Lemma decays_qpow tau a b : 0 < Im tau ->
  exists K, decays (fun i j => qpow tau (2 * Qf (INR i + a) (INR j + b))) K.
Proof.
  intros Ht. set (c := 2 * PI * Im tau).
  assert (Hc : 0 < c) by (unfold c; pose proof PI_RGT_0; apply Rmult_lt_0_compat; lra).
  exists (exp (9 / (4 * c) - 3 * a) + exp (9 / (4 * c) - 3 * b)).
  intros i j. rewrite Cmod_qpow. fold c.
  destruct (sqr_le_2Qf (INR i + a) (INR j + b)) as [Hi Hj].
  assert (Ei : exp (- c * (2 * Qf (INR i + a) (INR j + b))) <= exp (- c * (INR i + a) ^ 2))
    by (apply exp_le; nra).
  assert (Ej : exp (- c * (2 * Qf (INR i + a) (INR j + b))) <= exp (- c * (INR j + b) ^ 2))
    by (apply exp_le; nra).
  pose proof (exp_neg_sqr_le c a (INR i) Hc). pose proof (exp_neg_sqr_le c b (INR j) Hc).
  pose proof (exp_pos (9 / (4 * c) - 3 * a)). pose proof (exp_pos (9 / (4 * c) - 3 * b)).
  pose proof (exp_pos (-3 * INR i)). pose proof (exp_pos (-3 * INR j)).
  split; nra.
Qed.

Definition kq (tau : C) (l1 l2 : R) (n1 n2 : nat) : C :=
  qpow tau (2 * Qf (INR n1 + l1 + /2) (INR n2 + l2)).

Definition lq (tau : C) (l1 l2 : R) (n1 n2 : nat) : C :=
  qpow tau (2 * Qf (INR n1 + l1) (INR n2 + l2 + /2)).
::::
DIRECTIONS:
Scan the records for the word "exists" and copy every line where it is found.

WRITTEN ANSWER:
  exists K, decays (fun i j => qpow tau (2 * Qf (INR i + a) (INR j + b))) K.
  exists (exp (9 / (4 * c) - 3 * a) + exp (9 / (4 * c) - 3 * b)).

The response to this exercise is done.